By fall 2006, Purdue’s lawyers sense that things may be beginning to change. A memo from federal prosecutors to Brownlee suggests there may be enough evidence to prosecute Purdue with felony charges. But Purdue is able to use its influence to water down the charges, using Giuliani’s influence as well as pressuring the current deputy attorney general, James Comey, to question Brownlee about his tactics. Brownlee personally drives to Washington to lay out his tactics, however, and Comey ultimately lets him go ahead.
While Macy showed earlier the power Purdue was able to wield with its expensive legal team, now she shows the limits of what money can achieve in a courtroom. When there’s enough evidence, even a consultancy from Rudy Giuliani isn’t enough to secure a ruling.

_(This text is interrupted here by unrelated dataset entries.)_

Lemma inf_loss_p_le i :
  inf [set \sum_(1 <= t < T.+1) t%:R * gpay A (w t) p' | p' in @simplex R n]
  <= triangular R T * (y i * dotv (x i) wb)
     - 2^-1 * \sum_(1 <= t < T.+1) t%:R * dotv (w t) (w t).
Proof.
apply: le_trans (_ : _ <= \sum_(1 <= t < T.+1) t%:R * gpay A (w t) (delta_mx 0 i)) _.
  apply: ge_inf; last by exists (delta_mx 0 i) => //; exact: delta_simplex.
  by eexists => _ [q sq <-]; exact: (cumulative_loss_p_lb n_gt0 dyn).
rewrite wbarE dotvZr mulrCA mulVKf ?gt_eqF ?triangular_gt0 //.
rewrite /wsum dotv_sumr mulr_sumr mulr_sumr -sumrB le_eqVlt; apply/orP; left; apply/eqP.
apply: eq_bigr => t _.
by rewrite gpayE -rowE data_matrix_row dotvZl dotvZr dotvC; ring.
Qed.

Lemma wbar_sqr_le : triangular R T * dotv wb wb <= \sum_(1 <= t < T.+1) t%:R * dotv (w t) (w t).
Proof.
have S0 := triangular_gt0 R T_gt0.
have wsumE : wsum w T = triangular R T *: wb by rewrite wbarE scalerA divff ?gt_eqF // scale1r.
have cross : \sum_(1 <= t < T.+1) t%:R * (2 * dotv (w t) wb) = 2 * (triangular R T * dotv wb wb).
  rewrite -dotvZl -wsumE dotv_suml mulr_sumr.
  by apply: eq_bigr => t _; rewrite dotvZl mulrCA.
have split : \sum_(1 <= t < T.+1) t%:R * (dotv (w t) (w t) + dotv wb wb)
    = \sum_(1 <= t < T.+1) t%:R * dotv (w t) (w t) + triangular R T * dotv wb wb.
  by rewrite -sum_natr_triangular mulr_suml -big_split; apply: eq_bigr => t _; rewrite mulrDr.
have : \sum_(1 <= t < T.+1) t%:R * (2 * dotv (w t) wb)
    <= \sum_(1 <= t < T.+1) t%:R * (dotv (w t) (w t) + dotv wb wb).
  by apply: ler_sum => t _; rewrite ler_wpM2l // mulr2_dotv_le.
by rewrite cross split; lra.
Qed.

(* The two regret bounds sum to [4 ln n]; the best response of the w-player is worth at
   least that of [gamma wstar], the best response of the p-player at most that of the
   pure strategy [i]. *)
Lemma margin_wbar_lb i :
  gamma ^+ 2 / 2 + 2^-1 * dotv wb wb - 4 * ln n%:R / triangular R T <= y i * dotv (x i) wb.
Proof.
have S0 := triangular_gt0 R T_gt0.
have hw := regret_w_le_path_len dyn T_gt0 (data_matrix_row_norm data).
have hp := regret_p_le n_gt0 dyn.
have PL0 := path_len_ge0 T p.
have := inf_loss_w_le; have := inf_loss_p_le i; have := wbar_sqr_le.
have played : \sum_(1 <= t < T.+1) t%:R * (- gpay A (w t) (p t))
    = - \sum_(1 <= t < T.+1) t%:R * gpay A (w t) (p t).
  by rewrite -sumrN; apply: eq_bigr => t _; rewrite mulrN.
rewrite /regret_w /regret_p played in hw hp => Jensen inf_p inf_w.
have cancel : triangular R T * (4 * ln n%:R / triangular R T) = 4 * ln n%:R.
  by rewrite mulrC divfK ?gt_eqF.
rewrite -(ler_pM2l S0); lra.
Qed.

Lemma wbar_margin_ge0 i : 4 * Num.sqrt (ln n%:R) / gamma <= T%:R -> 0 <= y i * dotv (x i) wb.
Proof.
move=> T_large; have g0 := gamma_gt0.
have lnn0 : 0 <= ln (n%:R : R) by rewrite ln_ge0 // ler1n.
have := margin_wbar_lb i; have := dotv_ge0 wb.
suff : 4 * ln n%:R / triangular R T <= gamma ^+ 2 / 2 by lra.
rewrite ler_pdivrMr // mulrC in T_large.
have s0 := sqrtr_ge0 (ln (n%:R : R)); have ss := sqr_sqrtr lnn0.
have sq : 16 * ln (n%:R : R) <= (T%:R * gamma) ^+ 2 by rewrite -ss; nra.
rewrite ler_pdivrMr ?triangular_gt0 // /triangular -natr1.
have T0 : 0 <= T%:R :> R by exact: ler0n.
nra.
Qed.

End Margin.

Section AcceleratedPerceptron.
Variables (R : realType) (n d : nat) (x : 'I_n -> 'rV[R]_d) (y : 'I_n -> R) (T : nat).
Variables (v : nat -> 'rV[R]_d) (q : nat -> 'rV[R]_n) (g : nat -> 'rV[R]_d).
Hypotheses (n_gt0 : (0 < n)%N) (acc : accel_perceptron x y T v q g).

Local Notation A := (data_matrix x y).
Local Notation u := (fun j => q j *m A).
Local Notation play := (optimistic_leader u).

Lemma perceptron_state k : (k <= T)%N ->
  v k = 4^-1 *: wsum play k /\ g k = - (k.+1%:R^-1 *: wsum u k).
Proof.
elim: k => [_|k IH kT]; first by case: acc => _ -> -> _; rewrite !wsum0 !scaler0 oppr0.
have [IHv IHg] := IH (ltnW kT).
case: acc => _ _ _ /(_ k.+1); rewrite kT => /(_ isT) [-> _ ->] /=.
rewrite !wsumS IHv IHg /optimistic_leader /=.
have k0 : 0 <= k%:R :> R by exact: ler0n.
by split; apply/rowP => j; rewrite !mxE /triangular; field; apply/andP; split;
   apply: lt0r_neq0; lra.
Qed.

Lemma mulmx_data_matrix_tr v' i : (v' *m A^T) ord0 i = y i * dotv v' (x i).
Proof. by rewrite !mxE /dotv mulr_sumr; apply: eq_bigr => k _; rewrite !mxE mulrCA. Qed.

Lemma qexp_softmax v' : qexp x y v' = softmax (v' *m A^T).
Proof.
apply/rowP => i; rewrite [LHS]mxE [RHS]mxE mulmx_data_matrix_tr mulNr.
by congr (_ / _); apply: eq_bigr => j _; rewrite mulmx_data_matrix_tr mulNr.
Qed.

Lemma perceptron_game_dynamics : game_dynamics A T play q.
Proof.
split=> [|t /andP[]]; first by case: acc.
case: t => // k _ kT; have [v_k _] := perceptron_state kT.
have q_k : q k.+1 = softmax (4^-1 *: \sum_(1 <= s < k.+2) s%:R *: (play s *m A^T)).
  case: acc => _ _ _ /(_ k.+1); rewrite kT => /(_ isT) [_ -> _].
  rewrite qexp_softmax v_k /wsum -scalemxAl mulmx_suml.
  by congr (softmax (_ *: _)); apply: eq_bigr => s _; rewrite scalemxAl.
split.
- move=> w'; rewrite !obj_wE /optimistic_leader /=.
  by apply: quadratic_min; exact: triangular_gt0.
- by rewrite q_k; exact: softmax_simplex.
- by rewrite q_k; apply: (softmax_minimizes n_gt0 (fun p _ => obj_pE A play k.+1 p)).
Qed.

End AcceleratedPerceptron.

Lemma margin_ratio_lb (R : realType) (gamma r e : R) : 0 < gamma -> gamma <= r -> 0 <= e ->
  gamma - e / gamma <= (gamma ^+ 2 / 2 + 2^-1 * r ^+ 2 - e) / r.
Proof.
move=> g0 gr e0; have r0 : 0 < r by apply: lt_le_trans gr.
rewrite ler_pdivlMr // -subr_ge0.
have -> : (gamma ^+ 2 / 2 + 2^-1 * r ^+ 2 - e) - (gamma - e / gamma) * r
    = (gamma / 2 * (gamma - r) ^+ 2 + e * (r - gamma)) / gamma.
  by field; exact: lt0r_neq0.
apply: divr_ge0 (ltW g0); apply: addr_ge0; apply: mulr_ge0 => //.
- by rewrite divr_ge0 ?ltW.
- exact: sqr_ge0.
- by rewrite subr_ge0.
Qed.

Purdue’s boldest move comes in October 2006: they get a senior Justice Department officer to call Brownlee at home and pressure him to give Purdue more time for a plea agreement. Brownlee doesn’t budge, and the company accepts the plea deal. Eight days later, Brownlee and several other attorneys find themselves on a list to be fired (although Brownlee is not ultimately fired)—this seems to be yet another case of Purdue meddling with U.S. attorneys’ offices.
Macy depicts how Purdue attempted to influence the Justice Department itself. She presents the facts and lets the audience draw conclusions. For example, do Purdue’s actions suggest that even the government is vulnerable to the influence of big corporations or does the fact that Purdue failed suggest that some traditional institutions can’t be corrupted? Macy seems to suggest that both of these things can be true.
The charges are not as large as what Ramseyer and Mountcastle initially threatened against Purdue, but they represent a mixed success against the company, particularly compared to earlier lawsuit outcomes. The Sacklers realize that a plea deal is preferable to holding a trial in southwest Virginia, which could lead to much harsher penalties.
While this court case is a big win compared to previous cases, it also falls far short of the goals of many activists. The fact that the Sacklers want to avoid southwest Virginia suggests that even all their wealth isn’t enough to protect them from everything.
In May 2007, Brownlee unveils news of the settlement: Purdue has pleaded guilty to falsely advertising the benefits of OxyContin while concealing its potential for abuse. As a result, Purdue will pay $600 million in fines, and top executives will admit to misdemeanor crimes (although without jail time). A sentencing hearing in mid-July will also force these executives to meet the parents of opioid abuse victims. At the press conference, Brownlee’s team shows evidence from their vast collection of Purdue’s wrongdoings—they have so much evidence that they have to rent extra space in a strip mall to store it.
While both the activists and Purdue hoped for a decisive victory in the court battle, Macy depicts how some cases are more complicated. From one perspective, this is a major win for the activists, who, with the involvement of the federal government, have achieved a historic win over Purdue’s mighty legal team. On the other hand, however, this victory does little to address the underlying causes of the opioid epidemic or even to punish Purdue as a company, suggesting that the activists still have plenty more work to do.